3.1 Baseline characteristics

The baseline clinical characteristics of this study cohort are described in Table 1. In this study cohort, the median age was 59 years, and the predominant gender was male (n = 581, 62.9%) (Table 1). The median aspartate, alanine aminotransferase, and platelet count levels were 32 U/L, 19 U/L, and 175 × 109/L, respectively.
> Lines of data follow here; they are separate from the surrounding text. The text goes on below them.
(* Let $X_o$ be a compact Hausdorff space, $\theta$ a homeomorphism of $X_o$ such that $(X_o,\theta)$ is uniquely ergodic with invariant measure $\mu_o$, $f\in C(X_o;\mathbb{T})$, and $\Phi_{\theta,f}(x,w):=(\theta(x),f(x)w)$ acting on $C(X_o\times\mathbb{T})$ by $h\mapsto h\circ\Phi_{\theta,f}$. Suppose $(C(X_o\times\mathbb{T}),\Phi_{\theta,f})$ is uniquely ergodic with respect to the fixed-point subalgebra and that $C(X_o\times\mathbb{T})^{\Phi_{\theta,f}}\ne\mathbb{C}1$; let $\rho:C(X_o\times\mathbb{T})^{\Phi_{\theta,f}}\to C(\mathbb{T})$ be a $*$-isomorphism, and $E^{\Phi_{\theta,f}}$ the unique $\Phi_{\theta,f}$-invariant conditional expectation of $C(X_o\times\mathbb{T})$ onto $C(X_o\times\mathbb{T})^{\Phi_{\theta,f}}$. Then the map $T(\mu):=\mu\circ\rho\circ E^{\Phi_{\theta,f}}$ is an affine bijection from the set $\mathcal{P}(\mathbb{T})$ of regular Borel probability measures on $\mathbb{T}$ (viewed as states on $C(\mathbb{T})$) onto the set of $\Phi_{\theta,f}$-invariant regular Borel probability measures on $X_o\times\mathbb{T}$.
   Context: A system $(\mathfrak{B},\beta)$ is uniquely ergodic with respect to the fixed-point subalgebra if the Ces\`aro averages $\frac1n\sum_{k=0}^{n-1}\beta^k(x)$ converge in norm for every $x\in\mathfrak{B}$; equivalently every state on $\mathfrak{B}^\beta$ has a unique $\beta$-invariant state extension to $\mathfrak{B}$; in this case the limit defines a $\beta$-invariant conditional expectation onto $\mathfrak{B}^\beta$. Under the hypotheses, the fixed-point subalgebra is $*$-isomorphic to $C(\mathbb{T})$. Measures are identified with states via the Riesz–Markov theorem. *)

From HB Require Import structures.
From mathcomp Require Import all_boot all_order all_algebra.
From mathcomp Require Import all_classical all_reals all_analysis.
From mathcomp Require Import complex.
Import Order.TTheory GRing.Theory Num.Theory.
Import numFieldNormedType.Exports numFieldTopology.Exports.

Set Implicit Arguments.
Unset Strict Implicit.
Unset Printing Implicit Defensive.

Local Open Scope ring_scope.
Local Open Scope classical_set_scope.

HB.instance Definition _ (R : rcfType) :=
  PseudoPointedMetric.copy (complex R) (complex R)^o.

Section Defs.
Variable R : realType.
Local Notation C := (R[i]).

Definition Circle : topologicalType := set_type [set z : C | `|z| = 1].

Lemma circle_mul_subproof (a b : Circle) :
  [set z : C | `|z| = 1] (set_val a * set_val b).
Proof.
have /set_mem Ha := valP a; have /set_mem Hb := valP b.
by rewrite /= normrM Ha Hb mulr1.
Qed.

Definition circle_mul (a b : Circle) : Circle :=
  @exist _ (fun z => z \in [set z : C | `|z| = 1]) (set_val a * set_val b)
    (mem_set (circle_mul_subproof a b)).

Definition skew_product (X : Type) (theta : X -> X) (f : X -> Circle)
    (p : X * Circle) : X * Circle :=
  (theta p.1, circle_mul (f p.1) p.2).

Definition Cfun (Y : topologicalType) := {h : Y -> C | continuous h}.

(* States on C(Y) = positive unital linear functionals
   (identified with regular Borel probability measures by Riesz-Markov).
   Operations on C(Y) are taken pointwise. *)
Definition is_state (Y : topologicalType) (phi : Cfun Y -> C) : Prop :=
  [/\ (forall (h1 h2 : Y -> C) (c1 : continuous h1) (c2 : continuous h2)
          (c : continuous (fun y => h1 y + h2 y)),
          phi (exist _ _ c) = phi (exist _ _ c1) + phi (exist _ _ c2)),
      (forall (a : C) (h : Y -> C) (c1 : continuous h)
          (c : continuous (fun y => a * h y)),
          phi (exist _ _ c) = a * phi (exist _ _ c1)),
      (forall (h : Y -> C) (c : continuous h),
          (forall y, 0 <= h y) -> 0 <= phi (exist _ _ c)) &
      (forall c : continuous (fun _ : Y => 1 : C), phi (exist _ _ c) = 1)].

Definition is_invariant (Y : topologicalType) (F : Y -> Y)
    (phi : Cfun Y -> C) : Prop :=
  forall (h : Y -> C) (c : continuous h) (c' : continuous (h \o F)),
    phi (exist _ _ c') = phi (exist _ _ c).

Definition uniquely_ergodic_with (Y : topologicalType) (F : Y -> Y)
    (mu : Cfun Y -> C) : Prop :=
  [/\ is_state mu, is_invariant F mu &
      forall nu, is_state nu -> is_invariant F nu -> nu = mu].

Definition cesaro (Y : Type) (F : Y -> Y) (h : Y -> C) (n : nat) (y : Y) : C :=
  (n%:R)^-1 * \sum_(k < n) h (iter k F y).

Definition cesaro_unif_cvg (Y : Type) (F : Y -> Y) (h g : Y -> C) : Prop :=
  forall e : C, 0 < e -> \forall n \near \oo, forall y, `|cesaro F h n y - g y| < e.

Definition FixAlg (Y : topologicalType) (F : Y -> Y) :=
  {h : Y -> C | continuous h /\ h \o F = h}.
The median serum creatinine and total bilirubin levels were both 0.8 mg/dL. The median value of Child-Turcotte-Pugh (CTP) scores was 5 (IQR 5–5); MELD scores, 8 (IQR 6–10); mFIB-4 index, 5.57 (IQR 3.58–8.97), FIB-4 index, 2.49 (IQR 1.63–3.77); APRI, 0.47 (IQR 0.32–0.71); and eLIFT scores, 8 (IQR 6–11).

Table 1

Table 1

The baseline characteristics of patients who developed HCC (n = 83, 9.0%) and those who did not (n = 841, 91.0%) are compared in Table 1. Age, serum creatinine levels, mFIB-4 index, FIB-4 index, and APRI were significantly higher in patients who developed HCC than in those without HCC (all values: P < .05). However, serum albumin levels and platelet counts were significantly lower in patients who developed HCC than in those without HCC (all values: P < .05).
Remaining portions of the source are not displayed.